[DATA SECTION]
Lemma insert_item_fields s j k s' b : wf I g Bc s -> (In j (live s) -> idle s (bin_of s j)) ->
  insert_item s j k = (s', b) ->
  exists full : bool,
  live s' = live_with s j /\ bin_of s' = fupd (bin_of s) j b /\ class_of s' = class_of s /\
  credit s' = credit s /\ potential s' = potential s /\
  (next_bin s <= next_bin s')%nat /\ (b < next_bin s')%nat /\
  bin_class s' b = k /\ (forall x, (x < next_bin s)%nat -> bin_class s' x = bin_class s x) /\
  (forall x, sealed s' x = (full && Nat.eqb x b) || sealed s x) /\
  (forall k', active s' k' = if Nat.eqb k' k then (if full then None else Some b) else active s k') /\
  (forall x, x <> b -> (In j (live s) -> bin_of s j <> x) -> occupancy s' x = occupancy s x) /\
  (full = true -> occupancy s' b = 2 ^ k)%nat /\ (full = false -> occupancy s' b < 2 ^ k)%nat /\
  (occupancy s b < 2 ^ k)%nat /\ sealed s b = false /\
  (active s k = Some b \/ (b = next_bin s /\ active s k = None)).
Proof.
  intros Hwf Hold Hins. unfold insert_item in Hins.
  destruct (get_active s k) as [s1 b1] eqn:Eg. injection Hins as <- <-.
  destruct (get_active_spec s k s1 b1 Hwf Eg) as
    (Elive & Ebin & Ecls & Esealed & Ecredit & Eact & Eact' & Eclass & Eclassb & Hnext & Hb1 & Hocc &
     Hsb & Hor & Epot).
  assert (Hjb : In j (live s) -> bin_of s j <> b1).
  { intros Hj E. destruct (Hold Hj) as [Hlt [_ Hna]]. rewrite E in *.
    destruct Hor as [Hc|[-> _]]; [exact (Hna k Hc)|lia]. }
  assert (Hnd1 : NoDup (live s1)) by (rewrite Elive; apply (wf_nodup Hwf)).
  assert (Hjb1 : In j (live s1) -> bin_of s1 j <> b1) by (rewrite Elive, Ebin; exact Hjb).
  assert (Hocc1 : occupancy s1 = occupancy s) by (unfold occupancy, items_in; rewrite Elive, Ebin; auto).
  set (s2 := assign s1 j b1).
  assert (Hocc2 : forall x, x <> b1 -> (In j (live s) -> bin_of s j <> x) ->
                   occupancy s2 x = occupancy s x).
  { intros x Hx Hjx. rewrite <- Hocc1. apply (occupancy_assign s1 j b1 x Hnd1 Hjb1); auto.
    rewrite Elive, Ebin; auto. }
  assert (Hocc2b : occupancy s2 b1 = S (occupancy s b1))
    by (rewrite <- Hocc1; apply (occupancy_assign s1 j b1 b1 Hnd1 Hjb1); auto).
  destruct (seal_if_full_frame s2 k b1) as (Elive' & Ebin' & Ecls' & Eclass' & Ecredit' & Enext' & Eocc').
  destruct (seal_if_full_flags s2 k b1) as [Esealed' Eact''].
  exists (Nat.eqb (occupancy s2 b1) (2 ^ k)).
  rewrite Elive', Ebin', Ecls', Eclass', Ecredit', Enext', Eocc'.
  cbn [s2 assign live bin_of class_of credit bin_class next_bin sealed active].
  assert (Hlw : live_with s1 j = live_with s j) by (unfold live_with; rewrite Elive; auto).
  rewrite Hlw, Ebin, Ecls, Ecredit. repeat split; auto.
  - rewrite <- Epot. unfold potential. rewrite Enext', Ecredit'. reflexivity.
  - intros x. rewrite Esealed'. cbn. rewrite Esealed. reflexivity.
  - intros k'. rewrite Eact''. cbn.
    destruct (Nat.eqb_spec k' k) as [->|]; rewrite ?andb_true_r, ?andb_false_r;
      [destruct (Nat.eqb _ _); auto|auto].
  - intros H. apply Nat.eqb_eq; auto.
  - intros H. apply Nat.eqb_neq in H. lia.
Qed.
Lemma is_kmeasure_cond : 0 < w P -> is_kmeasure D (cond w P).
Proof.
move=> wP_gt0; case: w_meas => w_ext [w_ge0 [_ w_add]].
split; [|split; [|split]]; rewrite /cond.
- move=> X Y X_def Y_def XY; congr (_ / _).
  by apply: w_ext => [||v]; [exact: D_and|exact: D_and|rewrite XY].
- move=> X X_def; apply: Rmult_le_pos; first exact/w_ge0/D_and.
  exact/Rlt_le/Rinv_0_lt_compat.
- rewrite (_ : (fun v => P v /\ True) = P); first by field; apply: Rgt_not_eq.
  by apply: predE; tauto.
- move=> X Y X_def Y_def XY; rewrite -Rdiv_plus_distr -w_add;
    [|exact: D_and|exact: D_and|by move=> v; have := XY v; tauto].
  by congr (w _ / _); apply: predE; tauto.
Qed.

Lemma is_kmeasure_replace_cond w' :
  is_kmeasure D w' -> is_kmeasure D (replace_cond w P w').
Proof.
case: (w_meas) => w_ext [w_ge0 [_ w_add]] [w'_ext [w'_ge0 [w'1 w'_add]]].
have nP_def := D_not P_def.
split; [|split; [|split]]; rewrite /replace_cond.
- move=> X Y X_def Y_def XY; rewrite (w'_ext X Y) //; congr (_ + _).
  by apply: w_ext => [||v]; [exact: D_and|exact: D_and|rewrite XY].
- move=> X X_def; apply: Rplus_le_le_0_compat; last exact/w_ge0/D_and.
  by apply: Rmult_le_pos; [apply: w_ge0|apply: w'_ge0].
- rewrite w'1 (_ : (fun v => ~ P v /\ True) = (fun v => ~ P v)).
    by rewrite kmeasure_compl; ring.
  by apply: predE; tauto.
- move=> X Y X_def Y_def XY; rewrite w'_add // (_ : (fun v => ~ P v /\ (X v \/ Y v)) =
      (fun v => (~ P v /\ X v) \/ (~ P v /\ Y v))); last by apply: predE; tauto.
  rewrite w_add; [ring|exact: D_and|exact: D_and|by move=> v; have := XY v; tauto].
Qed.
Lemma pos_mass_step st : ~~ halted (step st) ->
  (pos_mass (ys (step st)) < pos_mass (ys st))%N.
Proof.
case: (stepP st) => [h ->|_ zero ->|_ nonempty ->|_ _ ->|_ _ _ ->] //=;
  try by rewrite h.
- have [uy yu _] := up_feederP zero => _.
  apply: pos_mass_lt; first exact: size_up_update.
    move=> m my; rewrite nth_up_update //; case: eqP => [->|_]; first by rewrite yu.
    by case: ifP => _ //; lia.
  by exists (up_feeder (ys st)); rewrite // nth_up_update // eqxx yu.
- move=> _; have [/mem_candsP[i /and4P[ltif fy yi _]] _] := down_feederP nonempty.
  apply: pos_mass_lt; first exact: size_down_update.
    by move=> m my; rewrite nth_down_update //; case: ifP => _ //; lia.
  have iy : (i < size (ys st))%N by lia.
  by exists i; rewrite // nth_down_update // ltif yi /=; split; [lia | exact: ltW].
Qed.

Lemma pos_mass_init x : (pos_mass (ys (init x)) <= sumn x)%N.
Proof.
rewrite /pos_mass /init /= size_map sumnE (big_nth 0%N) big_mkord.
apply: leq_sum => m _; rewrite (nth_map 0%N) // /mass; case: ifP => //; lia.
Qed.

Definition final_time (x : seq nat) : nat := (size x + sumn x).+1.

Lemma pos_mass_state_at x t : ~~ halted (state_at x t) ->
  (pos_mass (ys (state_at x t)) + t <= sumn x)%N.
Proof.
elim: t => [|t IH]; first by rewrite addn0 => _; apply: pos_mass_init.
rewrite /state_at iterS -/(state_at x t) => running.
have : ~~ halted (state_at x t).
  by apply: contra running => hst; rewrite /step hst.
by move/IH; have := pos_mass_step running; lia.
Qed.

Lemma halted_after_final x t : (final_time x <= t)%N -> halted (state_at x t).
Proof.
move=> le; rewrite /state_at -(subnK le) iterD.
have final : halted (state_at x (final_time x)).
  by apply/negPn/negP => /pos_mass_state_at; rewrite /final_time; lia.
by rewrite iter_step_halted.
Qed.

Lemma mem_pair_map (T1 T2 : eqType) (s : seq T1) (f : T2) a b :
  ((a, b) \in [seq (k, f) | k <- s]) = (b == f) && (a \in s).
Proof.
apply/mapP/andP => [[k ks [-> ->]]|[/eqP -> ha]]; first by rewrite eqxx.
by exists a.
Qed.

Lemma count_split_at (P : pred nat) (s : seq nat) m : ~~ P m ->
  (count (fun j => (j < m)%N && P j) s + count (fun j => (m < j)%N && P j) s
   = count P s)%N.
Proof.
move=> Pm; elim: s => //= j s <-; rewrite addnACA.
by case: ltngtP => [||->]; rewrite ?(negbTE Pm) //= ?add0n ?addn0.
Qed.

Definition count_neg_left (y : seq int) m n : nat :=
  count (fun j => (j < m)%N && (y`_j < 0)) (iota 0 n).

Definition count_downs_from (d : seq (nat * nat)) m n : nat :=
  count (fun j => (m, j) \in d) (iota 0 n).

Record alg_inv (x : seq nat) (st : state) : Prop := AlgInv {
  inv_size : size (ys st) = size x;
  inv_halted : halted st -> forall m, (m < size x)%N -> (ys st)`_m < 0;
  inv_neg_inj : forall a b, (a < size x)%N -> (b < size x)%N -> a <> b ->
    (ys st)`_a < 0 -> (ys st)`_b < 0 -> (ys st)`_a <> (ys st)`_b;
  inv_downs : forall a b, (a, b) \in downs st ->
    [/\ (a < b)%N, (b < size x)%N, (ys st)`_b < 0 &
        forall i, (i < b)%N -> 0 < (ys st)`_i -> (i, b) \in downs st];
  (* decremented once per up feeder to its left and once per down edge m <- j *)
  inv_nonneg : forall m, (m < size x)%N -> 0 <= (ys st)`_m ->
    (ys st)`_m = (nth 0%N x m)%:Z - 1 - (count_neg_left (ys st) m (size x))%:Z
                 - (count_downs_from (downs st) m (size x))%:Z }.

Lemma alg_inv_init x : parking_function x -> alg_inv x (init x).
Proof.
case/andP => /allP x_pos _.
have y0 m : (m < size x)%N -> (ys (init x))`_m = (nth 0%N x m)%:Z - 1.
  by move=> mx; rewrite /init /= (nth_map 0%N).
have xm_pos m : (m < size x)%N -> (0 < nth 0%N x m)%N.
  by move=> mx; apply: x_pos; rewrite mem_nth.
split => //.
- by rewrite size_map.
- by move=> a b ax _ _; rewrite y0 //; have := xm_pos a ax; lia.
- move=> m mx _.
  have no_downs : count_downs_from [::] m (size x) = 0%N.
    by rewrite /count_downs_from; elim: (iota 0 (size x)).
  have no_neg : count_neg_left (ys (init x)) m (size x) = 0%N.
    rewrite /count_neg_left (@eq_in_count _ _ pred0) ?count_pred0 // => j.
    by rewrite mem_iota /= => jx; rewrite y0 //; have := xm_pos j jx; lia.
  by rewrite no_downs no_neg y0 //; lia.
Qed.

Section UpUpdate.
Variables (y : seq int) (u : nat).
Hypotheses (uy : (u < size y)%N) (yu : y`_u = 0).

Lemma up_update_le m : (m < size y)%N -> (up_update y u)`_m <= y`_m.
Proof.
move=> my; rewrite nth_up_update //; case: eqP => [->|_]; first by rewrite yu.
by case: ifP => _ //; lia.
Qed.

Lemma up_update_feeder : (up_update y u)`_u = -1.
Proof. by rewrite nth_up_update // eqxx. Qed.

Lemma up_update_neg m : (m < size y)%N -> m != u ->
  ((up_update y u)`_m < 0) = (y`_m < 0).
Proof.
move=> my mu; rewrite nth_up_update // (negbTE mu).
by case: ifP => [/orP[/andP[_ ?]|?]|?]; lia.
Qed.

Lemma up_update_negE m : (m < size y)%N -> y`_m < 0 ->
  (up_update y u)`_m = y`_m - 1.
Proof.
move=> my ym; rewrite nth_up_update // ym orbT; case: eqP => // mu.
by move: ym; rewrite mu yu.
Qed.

[PROBLEM TO SOLVE] From the records above, transcribe exactly the run of lines that opens with the line holding "by move/IH; have" and closes with the line holding "inv_nonneg : forall", both included.

[FINISHED TASK]
by move/IH; have := pos_mass_step running; lia.
Qed.

Lemma halted_after_final x t : (final_time x <= t)%N -> halted (state_at x t).
Proof.
move=> le; rewrite /state_at -(subnK le) iterD.
have final : halted (state_at x (final_time x)).
  by apply/negPn/negP => /pos_mass_state_at; rewrite /final_time; lia.
by rewrite iter_step_halted.
Qed.

Lemma mem_pair_map (T1 T2 : eqType) (s : seq T1) (f : T2) a b :
  ((a, b) \in [seq (k, f) | k <- s]) = (b == f) && (a \in s).
Proof.
apply/mapP/andP => [[k ks [-> ->]]|[/eqP -> ha]]; first by rewrite eqxx.
by exists a.
Qed.

Lemma count_split_at (P : pred nat) (s : seq nat) m : ~~ P m ->
  (count (fun j => (j < m)%N && P j) s + count (fun j => (m < j)%N && P j) s
   = count P s)%N.
Proof.
move=> Pm; elim: s => //= j s <-; rewrite addnACA.
by case: ltngtP => [||->]; rewrite ?(negbTE Pm) //= ?add0n ?addn0.
Qed.

Definition count_neg_left (y : seq int) m n : nat :=
  count (fun j => (j < m)%N && (y`_j < 0)) (iota 0 n).

Definition count_downs_from (d : seq (nat * nat)) m n : nat :=
  count (fun j => (m, j) \in d) (iota 0 n).

Record alg_inv (x : seq nat) (st : state) : Prop := AlgInv {
  inv_size : size (ys st) = size x;
  inv_halted : halted st -> forall m, (m < size x)%N -> (ys st)`_m < 0;
  inv_neg_inj : forall a b, (a < size x)%N -> (b < size x)%N -> a <> b ->
    (ys st)`_a < 0 -> (ys st)`_b < 0 -> (ys st)`_a <> (ys st)`_b;
  inv_downs : forall a b, (a, b) \in downs st ->
    [/\ (a < b)%N, (b < size x)%N, (ys st)`_b < 0 &
        forall i, (i < b)%N -> 0 < (ys st)`_i -> (i, b) \in downs st];
  (* decremented once per up feeder to its left and once per down edge m <- j *)
  inv_nonneg : forall m, (m < size x)%N -> 0 <= (ys st)`_m ->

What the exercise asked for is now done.